2. The battery module of claim 1, wherein at least a portion of the cable, the at least one rail, and the slider are disposed inside the battery, the battery having an opening to communicate the inside of the battery with an external environment, the connector stretching the cable from the opening and driving the slider to move from the inside of the battery toward the opening.

3. The battery module of claim 1, further comprising a spring disposed within the battery and coupled between the slider and the at least one rail, the battery having an opening to communicate the interior of the battery with an external environment, the connector stretching the cable from the opening and driving the slider from the interior of the battery toward the opening, the spring constantly driving the slider away from the opening toward the interior of the battery.

4. The battery module of claim 1, wherein the at least one rail comprises a first rail and a second rail, the slider having a first side wing and a second side wing opposite to each other, the first rail and the second rail being movably coupled, respectively.

5. The battery module of claim 4, wherein the first rail has a closed circulation path, the first wing of the slider being movably coupled to the circulation path to and from the opening of the battery and the interior of the battery.

6. The battery module of claim 5, wherein the first rail further has a plurality of positioning recesses, the first side wing being temporarily secured to one of the positioning recesses during movement of the slider from the interior of the battery toward the opening of the battery at a first segment of the circulation path.

7. The battery module of claim 6, wherein the circulation path further has a second section, which engages the first section, the first side wing moving along the second section during movement of the slider from the opening of the battery to the interior of the battery.

8. The battery module of claim 7, wherein the junction of the first section and the second section is sloped and the first section is higher than the second section.

9. The battery module of claim 4, wherein an end of the first rail adjacent to the interior of the battery is pivotally connected to the battery.

10. The battery module of claim 9, wherein the slider further has a second ramp and the first rail further has a first ramp positioned in a path of movement of the second ramp, the second ramp abutting the first ramp as the slider moves along the first rail and from adjacent the interior of the battery to adjacent the opening of the battery to cause the slider to drive the first rail to rotate and the first wing to move from a first section of the first rail to a second section of the first rail.

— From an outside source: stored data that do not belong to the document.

Lemma connector_incid e z : e \in hE G -> connector e z ->
  {in incid H z, forall f, exists2 u, u \in hV G & f \in mu u}.
Proof.
move=> eG /andP [zH /eqP ze].
have /cards2P [u [w [uw euw]]] : #|e| == 2 by rewrite G_edge2.
have : u \in branches_at z by rewrite ze euw !inE eqxx.
rewrite inE => /andP [uG /exists_inP [a au za]].
have : w \in branches_at z by rewrite ze euw !inE eqxx orbT.
rewrite inE => /andP [wG /exists_inP [b bw zb]].
have ab : a != b by apply: contra uw => /eqP ab; rewrite (mu_inj uG wG au) ?ab.
have az : a \in incid H z by rewrite inE (subsetP (mu_sub uG)).
have bz : b \in incid H z by rewrite inE (subsetP (mu_sub wG)).
by move=> f; rewrite (incid_pair zH ab az bz) => /set2P [] ->; [exists u | exists w].
Qed.

Lemma connector_not_internal e z : e \in hE G -> connector e z -> ~~ internal z.
Proof.
move=> eG /andP [_ /eqP ze]; apply/negP => /exists_inP [u0 u0G zu0].
have : branches_at z \subset [set u0].
  apply/subsetP=> v /[!inE] /andP [vG /exists_inP [a av za]].
  apply/eqP; apply: (mu_inj vG u0G av); apply: (subsetP zu0).
  by rewrite inE (subsetP (mu_sub vG)).
by move/subset_leq_card; rewrite cards1 ze G_edge2.
Qed.

Lemma pick_connector e z : [pick z' | connector e z'] = Some z -> connector e z.
Proof. by case: pickP => // z' + [<-]. Qed.

Lemma connectorsP z : reflect
  (exists2 e, e \in hE G & [pick z' | connector e z'] = Some z) (z \in connectors).
Proof.
rewrite inE; apply: (iffP exists_inP) => [[e eG /eqP] | [e eG pz]]; first by exists e.
by exists e; rewrite ?pz.
Qed.

Lemma connectors_connector z : z \in connectors ->
  exists2 e, e \in hE G & connector e z.
Proof. by case/connectorsP=> e eG /pick_connector; exists e. Qed.

Lemma connectors_onto e : e \in hE G ->
  exists2 z, z \in connectors & branches_at z = e.
Proof.
move=> eG; case pz: [pick z | connector e z] => [z|].
  by exists z; [apply/connectorsP; exists e | case/andP: (pick_connector pz) => _ /eqP].
by have [z ez] := connector_exists eG; move: pz; case: pickP => // /(_ z); rewrite ez.
Qed.

Lemma connectors_inj : {in connectors &, injective branches_at}.
Proof.
move=> z1 z2 /connectorsP [e1 _ p1] /connectorsP [e2 _ p2] bz.
have /andP [_ /eqP b1] := pick_connector p1.
have /andP [_ /eqP b2] := pick_connector p2.
by move: p1; rewrite -b1 bz b2 p2 => -[].
Qed.

Definition internals := [set z in hV H | internal z].

Definition final_groups := foldl merge_at [set [set e] | e in hE H] (enum internals).

Lemma final_groups_spec :
  branch_partition (hV G) (hE H) mu final_groups /\
  forall z a b, z \in internals -> a \in hE H -> b \in hE H -> z \in a -> z \in b ->
    same_group final_groups a b.
Proof.
have [|partF sameF] := branch_partition_merge_seq (s := enum internals) mu_inj
  _ (branch_partition_singletons (hV G) (hE H) mu).
  by move=> z; rewrite mem_enum inE => /andP [_ /internal_branch].
by split=> // z a b; rewrite -mem_enum; apply: sameF.
Qed.

Lemma same_group_branch u a b : u \in hV G -> a \in mu u -> b \in mu u ->
  same_group final_groups a b.
Proof.
move=> uG au bu; have [[covF disF _] sameF] := final_groups_spec.
have /bigcupP [g gF ag] : a \in cover final_groups.
  by rewrite covF (subsetP (mu_sub uG)).
exists g; rewrite // ag /=.
have [_ conn] := mu_conn uG; rewrite -(closed_connect _ (conn a b au bu)) //.
move=> c d /and3P [cu du /(dual_adj_internal uG cu du) [z [zH zI zc zd]]].
have [g' g'F /andP [cg' dg']] : same_group final_groups c d.
  by apply: (sameF z); rewrite ?inE ?zH ?zI ?(subsetP (mu_sub uG)).
by apply/idP/idP => [cg | dg]; [rewrite (disF g g' c) | rewrite (disF g g' d)].
Qed.

Lemma branch_in_final_groups u : u \in hV G -> mu u \in final_groups.
Proof.
move=> uG; have [[covF disF homF] _] := final_groups_spec.
have [/set0Pn [a au] _] := mu_conn uG.
have /bigcupP [g gF ag] : a \in cover final_groups.
  by rewrite covF (subsetP (mu_sub uG)).
suff -> : mu u = g by [].
apply/eqP; rewrite eqEsubset (homF g u a) // andbT; apply/subsetP=> b bu.
have [g' g'F /andP [ag' bg']] := same_group_branch uG au bu.
by rewrite (disF g g' a).
Qed.

Definition final_edges := [set group_edge connectors g | g in final_groups].

Definition branch_edges := [set group_edge connectors (mu u) | u in hV G].

Lemma branch_edges_sub : branch_edges \subset final_edges.
Proof.
apply/subsetP=> _ /imsetP [u uG ->].
by apply: imset_f; apply: branch_in_final_groups.
Qed.

Lemma final_edges_nonempty_sub : final_edges :\ set0 \subset branch_edges.
Proof.
have [[covF disF _] _] := final_groups_spec.
apply/subsetP=> b /setD1P [+ /imsetP [g gF bg]]; rewrite bg.
case/set0Pn=> z /setIP [/bigcupP [f fg zf] zK].
have fz : f \in incid H z by rewrite inE -covF zf andbT; apply/bigcupP; exists g.
have [e eG ez] := connectors_connector zK.
have [u uG fu] := connector_incid eG ez fz.
by rewrite (disF g (mu u) f gF (branch_in_final_groups uG) fg fu); apply: imset_f.
Qed.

11. The battery module of claim 10, further comprising a spring connecting the second rail and the second wing, the spring having a maximum deflection when the first wing is positioned adjacent the opening of the battery, such that when the first wing moves to the second section, the spring drives the first wing to move along the second section and from adjacent the opening of the battery to adjacent the interior of the battery while rotationally repositioning the first rail.

12. The battery module of claim 4, wherein the sliding member is movably engaged with the first rail by a portion of the second wing such that a moving path of the sliding member is parallel to the second rail.

13. The battery module of claim 4, wherein the slider further has a post, the first and second wings extending from the post and facing away from each other, respectively, a portion of the cable movably contacting and bypassing the post.

14. The battery module of claim 13, wherein the slider further has a post and a second wing, the first wing and the second wing extending from opposite sides of the post and facing away from each other, respectively, the second wing being movably coupled to the second rail.

15. The battery module of claim 1, wherein one end of the cable is electrically connected to the battery and is located adjacent to the outlet of the battery, and the other end of the cable extends toward the inside of the battery and contacts and bypasses the sliding member to form a bend, and then extends toward the opening of the battery to electrically connect the connector.